What are you talking about? I used to do all that you're mentioning in the Vagrantfile, via code. Granted, ruby code (which doesn't help), but still in code.
> Second, it doesn't really deal well with change. When you're working in a team, you want everyone to have an identical environment. Vagrant is great for setting it up, but it doesn't really have a solution to changing it. Want to add a package? Nuke the VMs, start from scratch, and hope nobody runs into install issues.
Uh, adding the vagrant file to the code repository, maybe? So that maybe you can decide if a package goes into the vm via a code review? Maybe using the provisioning methods, so that changes can both be reviewed and git-tracked.
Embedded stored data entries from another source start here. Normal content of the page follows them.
Lemma pendulum_green_sol_exists (f : R -> R) : continuous_on_Icc (-1) (T + 1) f ->
  exists h h' h'' : R -> R, (forall t, is_derive h t (h' t)) /\
    (forall t, is_derive h' t (h'' t)) /\ green_sol T Q f h h' h''.
Proof.
  intros f_cont.
  destruct (continuous_on_Icc_extend (-1) (T + 1) f ltac:(lra) f_cont) as [g [g_cont g_f]].
  set (h := green_solution Q' T g).
  assert (h_der := green_solution_der Q' _ Q'_der Q'_neq0 T g g_cont).
  assert (h'_der := green_solution'_der (fun t => cos (Q t)) Q' _ Q'_der sinQ_der Q'_neq0 T g g_cont).
  exists h, (green_solution' Q' (fun t => sin (Q t)) T g), (fun t => cos (Q t) * h t - g t).
  split; [exact h_der | split; [exact h'_der |]].
  repeat split.
  - now apply is_derive_derive_on_Icc.
  - now apply is_derive_derive_on_Icc.
  - apply continuous_continuous_on_Icc. intros t.
    apply (continuous_minus (fun t => cos (Q t) * h t)); [| apply g_cont].
    apply (ex_derive_continuous (fun t => cos (Q t) * h t)). auto_derive.
    split; [now exists (Q' t) | split; [now exists (green_solution' Q' (fun t => sin (Q t)) T g t) | exact I]].
  - intros t Ht. rewrite <- (g_f t Ht). ring.
  - apply green_solution_0.
  - now apply (green_solution_T Q' (fun t => sin (Q t))).
Qed.

Lemma pendulum_green_sol_unique (f g g' g'' h h' h'' : R -> R) :
  green_sol T Q f g g' g'' -> green_sol T Q f h h' h'' ->
  forall t, in_Icc (-1) (T + 1) t -> g t = h t.
Proof.
  intros [g_der [g'_der [_ [g_eq [g0 gT]]]]] [h_der [h'_der [_ [h_eq [h0 hT]]]]].
  apply (continuous_on_Icc_eq (-1) (T + 1)); [lra | exact (derive_on_Icc_continuous _ _ _ _ g_der)
    | exact (derive_on_Icc_continuous _ _ _ _ h_der) |].
  intros t Ht. apply Rminus_diag_uniq.
  refine (homogeneous_zero (fun t => cos (Q t)) Q' _ Q'_der sinQ_der Q'_neq0 T T_pos (-1) (T + 1)
    (fun t => g t - h t) (fun t => g' t - h' t) ltac:(lra) ltac:(lra) _ _ _ _ t Ht).
  - intros s Hs. apply (derive_on_Icc_is_derive _ _ _ _ s Hs) in g_der, h_der.
    derive_by_hyps. ring.
  - intros s Hs. apply (derive_on_Icc_is_derive _ _ _ _ s Hs) in g'_der, h'_der.
    assert (in_s : in_Icc (-1) (T + 1) s) by (unfold in_Icc; lra).
    specialize (g_eq s in_s). specialize (h_eq s in_s).
    derive_by_hyps. lra.
  - rewrite g0, h0. ring.
  - rewrite gT, hT. ring.
Qed.

End Pendulum.

Theorem lemma8p1 :
  exists T0 : R, 0 < T0 /\
  exists C : R, 0 < C /\
  forall (T : R) (Q Q' : R -> R),
    T0 <= T -> is_Q_T T Q Q' ->
    forall f : R -> R, continuous_on_Icc (-1) (T + 1) f ->
      exists h h' h'' : R -> R,
        green_sol T Q f h h' h'' /\
        (forall g g' g'' : R -> R, green_sol T Q f g g' g'' ->
           forall t, in_Icc (-1) (T + 1) t -> g t = h t) /\
        (forall M : R, (forall t, in_Icc (-1) (T + 1) t -> Rabs (f t) <= M) ->
           forall t, in_Icc (-1) (T + 1) t -> Rabs (h t) + Rabs (h' t) <= C * M).
Proof.
  exists 2. split; [lra |]. exists 200. split; [lra |].
  intros T Q Q' T2 Q_orbit f f_cont.
  destruct (pendulum_green_sol_exists T Q Q' ltac:(lra) Q_orbit f f_cont)
    as [h [h' [h'' [h_der [h'_der h_sol]]]]].
  exists h, h', h''. split; [exact h_sol | split].
  - intros g g' g'' g_sol. exact (pendulum_green_sol_unique T Q Q' ltac:(lra) Q_orbit f _ _ _ _ _ _ g_sol h_sol).
  - intros M. destruct h_sol as [_ [_ [_ [h_eq [h0 hT]]]]].
    exact (pendulum_green_bound T Q Q' ltac:(lra) Q_orbit h h' h'' f M T2 h_der h'_der h_eq h0 hT).
Qed.
Lemma packK q i : unpack (pack q) i = q i.
Proof. by apply/rowP => l; rewrite !mxE mxvecE mxE enum_rankK. Qed.

Definition gram_entry i j (x : 'rV[R]_(N * N)) := dotp (unpack x i) (unpack x j).

Lemma continuous_gram_entry i j : continuous (gram_entry i j).
Proof.
have -> : gram_entry i j = fun x => \sum_(l < N)
    x 0 (mxvec_index (enum_rank i) l) * x 0 (mxvec_index (enum_rank j) l).
  by apply: funext => x; rewrite /gram_entry dotpE; apply: eq_bigr => l _; rewrite !mxE.
apply: continuous_big; first exact: add_continuous.
move=> l _ x; apply: continuousM; exact: coord_continuous.
Qed.

Lemma closed_edge_uniform : closed [set x | edge_uniform (unpack x)].
Proof.
have -> : [set x | edge_uniform (unpack x)] =
    \bigcap_(i in setT) [set x | gram_entry i i x = 1] `&`
    \bigcap_(e in [set e : V * V | G e.1 e.2])
      [set x | gram_entry e.1 e.2 x = gram_entry i0 j0 x].
  apply/seteqP; split=> x [x1 xe].
    by split=> [i _|e Ge]; [exact: x1|exact: xe].
  by split=> [i|i j Gij]; [exact: x1|exact: (xe (i, j))].
apply: closedI; apply: closed_bigI => *;
  apply: closed_eqfun; (exact: continuous_gram_entry || exact: cst_continuous).
Qed.

Lemma compact_edge_uniform : compact [set x | edge_uniform (unpack x)].
Proof.
have cube : compact [set x : 'rV[R]_(N * N) | forall c, `[-1, 1]%classic (x 0 c)].
  apply: (@rV_compact R (N * N) (fun=> `[-1, 1]%classic)).
  by move=> _; exact: segment_compact.
apply: subclosed_compact closed_edge_uniform cube _ => x [x1 _] c /=.
case/mxvec_indexP: c => a l; have := sqr_coord_le_dotp (unpack x (enum_val a)) l.
rewrite x1 !mxE enum_valK in_itv /= => sqr_le1.
by apply/andP; split; nra.
Qed.

Lemma edge_uniform_min {q0 : V -> 'rV[R]_N} : edge_uniform q0 ->
  exists2 m : V -> 'rV[R]_N, edge_uniform m &
    forall q : V -> 'rV[R]_N, edge_uniform q ->
      dotp (m i0) (m j0) <= dotp (q i0) (q j0).
Proof.
have edge_uniform_pack q : edge_uniform q -> edge_uniform (unpack (pack q)).
  by move=> [q1 qe]; split=> [i|i j Gij]; rewrite !packK; [exact: q1|exact: qe].
move=> /edge_uniform_pack uq0.
have [x] := EVT_min_rV (ex_intro _ (pack q0) uq0) compact_edge_uniform
  (continuous_subspaceT (continuous_gram_entry i0 j0)).
rewrite inE => ux xmin; exists (unpack x) => // q /edge_uniform_pack uq.
by have := xmin _ (mem_set uq); rewrite /gram_entry !packK.
Qed.

End EdgeUniformMinimum.

(* The vertices of a regular simplex centred at the origin. *)
Lemma simplex_gram {R : realType} {V : finType} n : (1 < n)%N -> (#|V| <= n)%N ->
  exists q : V -> 'rV[R]_n, forall i j,
    dotp (q i) (q j) = if i == j then 1 else -1 / (n%:R - 1).
Proof.
move=> n_gt1 leVn; set m : R := n%:R.
have m_gt1 : 1 < m by rewrite ltr1n.
pose k := Num.sqrt (m / (m - 1)).
have kk : k * k = m / (m - 1) by rewrite -expr2 sqr_sqrtr // divr_ge0 //; lra.
pose one : 'rV[R]_n := const_mx 1.
have ee a b : dotp (delta_mx 0 a : 'rV[R]_n) (delta_mx 0 b) = (a == b)%:R.
  by rewrite dotp_delta_mx !mxE eqxx eq_sym.
have e1 a : dotp (delta_mx 0 a) one = 1 by rewrite dotpC dotp_delta_mx mxE.
have oo : dotp one one = m.
  by rewrite dotpE (eq_bigr (fun=> 1)) ?sumr_const ?card_ord // => l _; rewrite mxE mulr1.
exists (fun i => k *: (delta_mx 0 (widen_ord leVn (enum_rank i)) - m^-1 *: one)) => i j.
rewrite dotpZl dotpZr !dotpBl !dotpBr !dotpZl !dotpZr ee e1 (dotpC one) e1 oo mulrA kk.
rewrite -val_eqE /= val_eqE (inj_eq enum_rank_inj).
have m_neq0 : m != 0 by rewrite gt_eqF // (lt_trans ltr01).
have m1_neq0 : m - 1 != 0 by rewrite subr_eq0 gt_eqF.
by case: eqP => _; rewrite ?mulr1n ?mulr0n; field; rewrite m_neq0 m1_neq0.
Qed.

Section Threshold.
Context {R : realType}.
Implicit Types s t : R.

Lemma threshold_lt0 t : 1 < t -> -1 / (t - 1) < 0.
Proof. by move=> t_gt1; rewrite mulN1r oppr_lt0 invr_gt0 subr_gt0. Qed.

Lemma threshold_inv s : s != 0 -> -1 / ((1 - s^-1) - 1) = s.
Proof. by move=> s_neq0; rewrite addrAC subrr add0r invrN invrK mulN1r opprK. Qed.

Lemma threshold_ge2 s : -1 <= s -> s < 0 -> 2 <= 1 - s^-1.
Proof.
move=> s_geN1 s_lt0; have ss : s * s^-1 = 1 by rewrite mulfV // lt_eqF.
have s_inv_lt0 : s^-1 < 0 by rewrite invr_lt0.
nra.
Qed.

Lemma ler_threshold s t : 1 < s -> 1 < t -> (-1 / (s - 1) <= -1 / (t - 1)) = (s <= t).
Proof.
move=> s_gt1 t_gt1; rewrite !mulN1r lerN2 lef_pV2 ?posrE ?subr_gt0 //.
by rewrite lerD2r.
Qed.

End Threshold.

Lemma inf_eq_min {R : realType} (E : set R) x : E x -> lbound E x -> inf E = x.
Proof.
move=> Ex lbx; apply/eqP; rewrite eq_le lb_le_inf ?andbT //; last by exists x.
by apply: ge_inf => //; exists x.
Qed.

Section VectorChromatic.
Context {R : realType} {V : finType}.
Implicit Types G H : rel V.

Lemma vec_coloring_of_strict {G t d} {q : V -> 'rV[R]_d} :
  strict_vec_coloring G t q -> vec_coloring G t q.
Proof. by move=> [qu qe]; split=> // i j /qe ->. Qed.

Lemma vec_coloring_subgraph {H G t d} {q : V -> 'rV[R]_d} :
  subgraph H G -> vec_coloring G t q -> vec_coloring H t q.
Proof. by move=> HG [qu qe]; split=> // i j /HG /qe. Qed.

Lemma same_gram_strict {G t d1 d2} {p : V -> 'rV[R]_d1} {q : V -> 'rV[R]_d2} :
  same_gram p q -> strict_vec_coloring G t q -> strict_vec_coloring G t p.
Proof. by move=> pq [qu qe]; split=> [i|i j /qe]; rewrite pq. Qed.

Lemma strict_edge_uniform {G i0 j0 t d} {q : V -> 'rV[R]_d} : G i0 j0 ->
  strict_vec_coloring G t q -> edge_uniform G i0 j0 q.
Proof. by move=> Gi0j0 [qu qe]; split=> // i j /qe ->; rewrite qe. Qed.

Lemma strict_colorable {G} : is_graph G ->
  exists t d (q : V -> 'rV[R]_d), 2 <= t /\ strict_vec_coloring G t q.
Proof.
move=> [_ G_irr]; set n := maxn 2 #|V|.
have [q qq] := simplex_gram (R := R) n (leq_maxl 2 #|V|) (leq_maxr 2 #|V|).
exists n%:R, n, q; split; first by rewrite ler_nat leq_maxl.
split=> [i|i j Gij]; rewrite qq ?eqxx //.
by case: eqP Gij => [->|//]; rewrite G_irr.
Qed.

Lemma chi_v_le {G t d} {q : V -> 'rV[R]_d} : 2 <= t -> vec_coloring G t q ->
  chi_v R G <= t.
Proof. by move=> t2 qt; apply: ge_inf; [exists 2 => ? [] | split=> //; exists d, q]. Qed.

Lemma chi_v_ge2 {G} : is_graph G -> 2 <= chi_v R G.
Proof.
case/strict_colorable => t [d [q [t2 /vec_coloring_of_strict qt]]].
by apply: lb_le_inf => [|? []//]; exists t; split=> //; exists d, q.
Qed.

Lemma chi_sv_ge2 {G} : is_graph G -> 2 <= chi_sv R G.
Proof.
case/strict_colorable => t [d [q [t2 qt]]].
by apply: lb_le_inf => [|? []//]; exists t; split=> //; exists d, q.
Qed.

Lemma chi_v_subgraph_eq {H G d} {p : V -> 'rV[R]_d} : is_graph H -> subgraph H G ->
  vec_coloring G (chi_v R H) p -> chi_v R G = chi_v R H.
Proof.
move=> gH HG pG; apply: inf_eq_min; first by split; [exact: chi_v_ge2|exists d, p].
by move=> t [t2 [d' [q /(vec_coloring_subgraph HG) qH]]]; exact: chi_v_le qH.
Qed.

Lemma chi_sv_attained {G i0 j0} : is_graph G -> G i0 j0 ->
  exists m : V -> 'rV[R]_#|V|, strict_vec_coloring G (chi_sv R G) m.
Proof.
move=> gG Gi0j0.
have realize t d (q : V -> 'rV[R]_d) : strict_vec_coloring G t q ->
    exists q' : V -> 'rV[R]_#|V|, strict_vec_coloring G t q'.
  have [q' q'q] := same_gram_realization q (leqnn #|V|).
  by move=> qt; exists q'; exact: same_gram_strict qt.
have [t0 [d [q0 [t0_ge2 /realize [q1 q1t0]]]]] := strict_colorable gG.
have [m [mu me] mmin] := edge_uniform_min G i0 j0 (strict_edge_uniform Gi0j0 q1t0).
set s := dotp (m i0) (m j0) in me mmin.
have s_lt0 : s < 0.
  apply: le_lt_trans (mmin _ (strict_edge_uniform Gi0j0 q1t0)) _.
  by rewrite q1t0.2 //; apply: threshold_lt0; lra.
have s_neq0 : s != 0 by rewrite lt_eqF.
have ts_ge2 : 2 <= 1 - s^-1 by apply: threshold_ge2 s_lt0; exact: dotp_unit_geN1.
have m_strict : strict_vec_coloring G (1 - s^-1) m.
  by split=> // i j Gij; rewrite threshold_inv // me.
exists m; suff -> : chi_sv R G = 1 - s^-1 by [].
apply: inf_eq_min; first by split=> //; exists #|V|, m.
move=> t [t_ge2 [d' [q /realize [q' q't]]]].
have := mmin _ (strict_edge_uniform Gi0j0 q't).
by rewrite q't.2 // -[s in s <= _]threshold_inv // ler_threshold //; lra.
Qed.

Lemma chi_v_lt_chi_sv {G i0 j0} : is_graph G -> G i0 j0 ->
  (forall d (q : V -> 'rV[R]_d), optimal_vec_coloring G q ->
     dotp (q i0) (q j0) < -1 / (chi_v R G - 1)) ->
  chi_v R G < chi_sv R G.
Proof.
move=> gG Gi0j0 slack; have [m m_strict] := chi_sv_attained gG Gi0j0.
have m_col := vec_coloring_of_strict m_strict.
rewrite lt_neqAle (chi_v_le (chi_sv_ge2 gG) m_col) andbT.
apply/eqP => chi_eq; have := slack _ m; rewrite /optimal_vec_coloring chi_eq.
by move=> /(_ m_col); rewrite m_strict.2 // ltxx.
Qed.

End VectorChromatic.

Theorem theorem3p12 (R : realType) (V : finType) (H G : rel V)
  (d : nat) (p : V -> 'rV[R]_d) :
  is_graph H -> is_graph G ->
  optimal_vec_coloring H p ->
  subgraph H G -> subgraph G (Hprime H p) ->
  (optimal_vec_coloring G p /\ chi_v R H = chi_v R G) /\
  (uniquely_vector_colorable R H ->
     uniquely_vector_colorable R G /\
     (forall d' (q : V -> 'rV[R]_d'), optimal_vec_coloring G q ->
        forall i j, dotp (q i) (q j) = dotp (p i) (p j)) /\
     ((exists i j, G i j /\ dotp (p i) (p j) < - 1 / (chi_v R G - 1)) ->
        ~ strict_vec_coloring G (chi_v R G) p /\ chi_v R G < chi_sv R G)).
Proof.
move=> gH gG pH HG GHp.
have pG : vec_coloring G (chi_v R H) p.
  by split=> [|i j /GHp /andP[]]; first exact: pH.1.
have chiGH := chi_v_subgraph_eq gH HG pG.
have optH d' (q : V -> 'rV[R]_d') : optimal_vec_coloring G q -> optimal_vec_coloring H q.
  by rewrite /optimal_vec_coloring chiGH; exact: vec_coloring_subgraph.
split; first by rewrite /optimal_vec_coloring chiGH.
move=> uH.
have gram_p d' (q : V -> 'rV[R]_d') : optimal_vec_coloring G q ->
    forall i j, dotp (q i) (q j) = dotp (p i) (p j).
  by move=> /optH qH; exact: uH qH pH.
split; first by move=> d1 p1 d2 p2 /optH p1H /optH p2H; exact: uH.
split=> // -[i0 [j0 [Gi0j0 p_slack]]]; split.
  by move=> [_ p_tight]; move: p_slack; rewrite p_tight // ltxx.
by apply: chi_v_lt_chi_sv gG Gi0j0 _ => d' q /gram_p ->.
Qed.
(* mu(0) = 0, mu(s) = num/den for s > 0; the values for s < 0 are
   irrelevant (mu is only considered on [0, oo)) and set to 0. *)
Definition mu (s : R) : R :=
  if Rle_dec s 0 then 0 else mu_num s / mu_den s.

From Stdlib Require Import Reals Lra Lia Psatz.
From Coquelicot Require Import Coquelicot.
Open Scope R_scope.

(* With s = 2 t one has mu (2 t) = W(t)^2 / E(t), where W = sinh cos - cosh sin
   is the Wronskian of sinh and sin and E(t) = t (sinh^2 t - sin^2 t)
   - sin t sinh t W(t) > 0.  So mu >= 0 and its zeros are the 2 t_k with
   W(t_k) = 0; since W' = -2 sinh sin, (-1)^k W is strictly decreasing on
   [k PI, (k+1) PI], and W has exactly one zero t_k in (k PI, k PI + PI/2) for
   k >= 1.  The derivative of W^2/E is t W Q / (2 E^2) with Q = W^3 (ln |W|)''',
   so on (t_k, t_(k+1)) the sign of mu' is the sign of L = (ln |W|)'''.  Now
   L' = -16 B / W^4 for an explicit B > 0 (Taylor bounds for t <= 1.85, the
   growth of sinh beyond), so L is strictly decreasing; it changes sign between
   k PI + PI/2 and (k+1) PI, hence has exactly one zero m_k there, and mu
   increases on [2 t_k, 2 m_k] and decreases on [2 m_k, 2 t_(k+1)]. *)

Lemma cosh_sqr x : cosh x ^ 2 = 1 + sinh x ^ 2.
Proof.
  unfold cosh, sinh.
  assert (E : exp x * exp (- x) = 1) by (rewrite <- exp_plus, Rplus_opp_r; apply exp_0).
  nra.
Qed.

Lemma cos_sqr x : cos x ^ 2 = 1 - sin x ^ 2.
Proof. pose proof (sin2_cos2 x). unfold Rsqr in *. nra. Qed.

Lemma sinh_double x : sinh (2 * x) = 2 * sinh x * cosh x.
Proof.
  unfold sinh, cosh. replace (2 * x) with (x + x) by ring.
  replace (- (x + x)) with (- x + - x) by ring. rewrite !exp_plus. field.
Qed.

Lemma cosh_double x : cosh (2 * x) = cosh x ^ 2 + sinh x ^ 2.
Proof.
  unfold sinh, cosh. replace (2 * x) with (x + x) by ring.
  replace (- (x + x)) with (- x + - x) by ring. rewrite !exp_plus.
  assert (E : exp x * exp (- x) = 1) by (rewrite <- exp_plus, Rplus_opp_r; apply exp_0).
  nra.
Qed.

Lemma sinh_pos x : 0 < x -> 0 < sinh x.
Proof. intros Hx. rewrite <- sinh_0. now apply sinh_lt. Qed.

Lemma cosh_ge_1 x : 1 <= cosh x.
Proof.
  assert (0 < cosh x) by (unfold cosh; pose proof (exp_pos x); pose proof (exp_pos (- x)); lra).
  pose proof (cosh_sqr x). nra.
Qed.

Lemma eq_of_ideal_combination (L R p q A B : R) :
  A = 0 -> B = 0 -> L - R = p * A + q * B -> L = R.
Proof. intros -> -> E. lra. Qed.

Lemma le_of_is_derive_le (f g df dg : R -> R) a b :
  a <= b -> f a <= g a ->
  (forall x, a <= x <= b -> is_derive f x (df x)) ->
  (forall x, a <= x <= b -> is_derive g x (dg x)) ->
  (forall x, a <= x <= b -> df x <= dg x) -> f b <= g b.
Proof.
  intros [Hab | <-] Ha Hf Hg Hd; [| exact Ha].
  destruct (MVT_cor2 (fun x => g x - f x) (fun x => dg x - df x) a b Hab)
    as [c [Hc Hac]].
  - intros c Hc. apply is_derive_Reals, (is_derive_minus g f); auto.
  - assert (df c <= dg c) by (apply Hd; lra). nra.
Qed.

Lemma lt_of_is_derive_pos (f df : R -> R) a b :
  a < b -> (forall x, a <= x <= b -> is_derive f x (df x)) ->
  (forall x, a < x < b -> 0 < df x) -> f a < f b.
Proof.
  intros Hab Hf Hd.
  destruct (MVT_cor2 f df a b Hab) as [c [Hc Hac]].
  - intros c Hc. now apply is_derive_Reals, Hf.
  - assert (0 < df c) by (apply Hd; lra). nra.
Qed.

Ltac solve_is_derive := unfold sinh, cosh; auto_derive; auto; field.

Ltac compare_from_0 f g df dg :=
  apply (le_of_is_derive_le f g df dg 0); cbv beta;
  [ lra | rewrite ?sinh_0, ?cosh_0, ?sin_0, ?cos_0; lra
  | intros ? _; solve_is_derive | intros ? _; solve_is_derive | ].

Lemma sinh_ge_id x : 0 <= x -> x <= sinh x.
Proof.
  intros Hx. compare_from_0 (fun t : R => t) sinh (fun _ : R => 1) cosh.
  intros t _. apply cosh_ge_1.
Qed.

Lemma cosh_ge_taylor2 x : 0 <= x -> 1 + x ^ 2 / 2 <= cosh x.
Proof.
  intros Hx. compare_from_0 (fun t => 1 + t ^ 2 / 2) cosh (fun t : R => t) sinh.
  intros t Ht. apply sinh_ge_id; lra.
Qed.

Lemma sinh_ge_taylor3 x : 0 <= x -> x + x ^ 3 / 6 <= sinh x.
Proof.
  intros Hx. compare_from_0 (fun t => t + t ^ 3 / 6) sinh (fun t => 1 + t ^ 2 / 2) cosh.
  intros t Ht. apply cosh_ge_taylor2; lra.
Qed.

Lemma cosh_ge_taylor4 x : 0 <= x -> 1 + x ^ 2 / 2 + x ^ 4 / 24 <= cosh x.
Proof.
  intros Hx.
  compare_from_0 (fun t => 1 + t ^ 2 / 2 + t ^ 4 / 24) cosh (fun t => t + t ^ 3 / 6) sinh.
  intros t Ht. apply sinh_ge_taylor3; lra.
Qed.

Lemma sinh_ge_taylor5 x : 0 <= x -> x + x ^ 3 / 6 + x ^ 5 / 120 <= sinh x.
Proof.
  intros Hx.
  compare_from_0 (fun t => t + t ^ 3 / 6 + t ^ 5 / 120) sinh
    (fun t => 1 + t ^ 2 / 2 + t ^ 4 / 24) cosh.
  intros t Ht. apply cosh_ge_taylor4; lra.
Qed.

Lemma cosh_ge_taylor6 x : 0 <= x -> 1 + x ^ 2 / 2 + x ^ 4 / 24 + x ^ 6 / 720 <= cosh x.
Proof.
  intros Hx.
  compare_from_0 (fun t => 1 + t ^ 2 / 2 + t ^ 4 / 24 + t ^ 6 / 720) cosh
    (fun t => t + t ^ 3 / 6 + t ^ 5 / 120) sinh.
  intros t Ht. apply sinh_ge_taylor5; lra.
Qed.

Lemma sinh_ge_taylor7 x :
  0 <= x -> x + x ^ 3 / 6 + x ^ 5 / 120 + x ^ 7 / 5040 <= sinh x.
Proof.
  intros Hx.
  compare_from_0 (fun t => t + t ^ 3 / 6 + t ^ 5 / 120 + t ^ 7 / 5040) sinh
    (fun t => 1 + t ^ 2 / 2 + t ^ 4 / 24 + t ^ 6 / 720) cosh.
  intros t Ht. apply cosh_ge_taylor6; lra.
Qed.

Lemma cos_ge_taylor2 x : 0 <= x -> 1 - x ^ 2 / 2 <= cos x.
Proof.
  intros Hx. compare_from_0 (fun t => 1 - t ^ 2 / 2) cos (fun t => - t) (fun t => - sin t).
  intros t Ht. destruct (Req_dec t 0) as [->|]; [rewrite sin_0; lra|].
  pose proof (sin_lt_x t ltac:(lra)). lra.
Qed.

Lemma sinh_add_sin_ge x : 0 <= x -> 2 * x <= sinh x + sin x.
Proof.
  intros Hx. compare_from_0 (fun t => 2 * t) (fun t => sinh t + sin t)
    (fun _ : R => 2) (fun t => cosh t + cos t).
  intros t Ht. pose proof (cosh_ge_taylor2 t ltac:(lra)).
  pose proof (cos_ge_taylor2 t ltac:(lra)). lra.
Qed.

Lemma cosh_sub_cos_ge x : 0 <= x -> x ^ 2 <= cosh x - cos x.
Proof.
  intros Hx. compare_from_0 (fun t => t ^ 2) (fun t => cosh t - cos t)
    (fun t => 2 * t) (fun t => sinh t + sin t).
  intros t Ht. apply sinh_add_sin_ge; lra.
Qed.

Lemma sinh_sub_sin_ge x : 0 <= x -> x ^ 3 / 3 <= sinh x - sin x.
Proof.
  intros Hx. compare_from_0 (fun t => t ^ 3 / 3) (fun t => sinh t - sin t)
    (fun t => t ^ 2) (fun t => cosh t - cos t).
  intros t Ht. apply cosh_sub_cos_ge; lra.
Qed.

(** * The Wronskian of sinh and sin *)

Definition wr t := sinh t * cos t - cosh t * sin t.

Lemma is_derive_wr t : is_derive wr t (-2 * sinh t * sin t).
Proof. unfold wr. solve_is_derive. Qed.

Lemma sinh_mul_sin_nonneg x : 0 <= x <= PI -> 0 <= sinh x * sin x.
Proof.
  intros Hx. apply Rmult_le_pos; [| apply sin_ge_0; lra].
  destruct (Req_dec x 0) as [->|]; [rewrite sinh_0; lra | left; apply sinh_pos; lra].
Qed.

Lemma wr_nonpos x : 0 <= x <= PI -> wr x <= 0.
Proof.
  intros Hx. unfold wr.
  compare_from_0 (fun t => sinh t * cos t - cosh t * sin t) (fun _ : R => 0)
    (fun t => -2 * sinh t * sin t) (fun _ : R => 0).
  intros t Ht. pose proof (sinh_mul_sin_nonneg t ltac:(lra)). lra.
Qed.

Lemma cosh_mul_cos_le_1 x : 0 <= x <= PI -> cosh x * cos x <= 1.
Proof.
  intros Hx.
  compare_from_0 (fun t => cosh t * cos t) (fun _ : R => 1)
    (fun t => sinh t * cos t - cosh t * sin t) (fun _ : R => 0).
  intros t Ht. apply (wr_nonpos t); lra.
Qed.

Lemma sinh_mul_sin_le_sqr x : 0 <= x <= PI -> sinh x * sin x <= x ^ 2.
Proof.
  intros Hx.
  compare_from_0 (fun t => sinh t * sin t) (fun t => t ^ 2)
    (fun t => cosh t * sin t + sinh t * cos t) (fun t => 2 * t).
  intros t Ht.
  compare_from_0 (fun t => cosh t * sin t + sinh t * cos t) (fun t => 2 * t)
    (fun t => 2 * cosh t * cos t) (fun _ : R => 2).
  intros u Hu. pose proof (cosh_mul_cos_le_1 u ltac:(lra)). lra.
Qed.

Lemma cosh_mul_cos_ge x : 0 <= x <= PI -> 1 - x ^ 4 / 6 <= cosh x * cos x.
Proof.
  intros Hx.
  compare_from_0 (fun t => 1 - t ^ 4 / 6) (fun t => cosh t * cos t)
    (fun t => - (2 * t ^ 3 / 3)) (fun t => sinh t * cos t - cosh t * sin t).
  intros t Ht.
  compare_from_0 (fun t => - (2 * t ^ 3 / 3)) (fun t => sinh t * cos t - cosh t * sin t)
    (fun t => - (2 * t ^ 2)) (fun t => -2 * sinh t * sin t).
  intros u Hu. pose proof (sinh_mul_sin_le_sqr u ltac:(lra)). lra.
Qed.

Definition crit_slope t :=
  sinh t ^ 4 + sin t ^ 4 - 4 * sinh t ^ 2 * sin t ^ 2
  + sinh t * cosh t * sin t * cos t * (sinh t ^ 2 + sin t ^ 2).

Lemma PI_gt_3 : 3 < PI.
Proof. pose proof PI2_3_2. lra. Qed.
Like, have you actually read the Vagrant's documentation ? Or are you one of those people that criticize stuff just because the getting started one-page tutorial doesn't solve 100% of their use-case ?
I've used Vagrant in a team in the past, and it feels like either you have no idea what you're talking about or you have used it only briefly without actually reading any documentation.
> Docker, especially with docker-compose, provides pretty much the same but better.
There are some things docker cannot do, and some things vagrant cannot do.
They're completely different pieces of technology that happen to be able to do similar things (and happen to be used for similar purposes).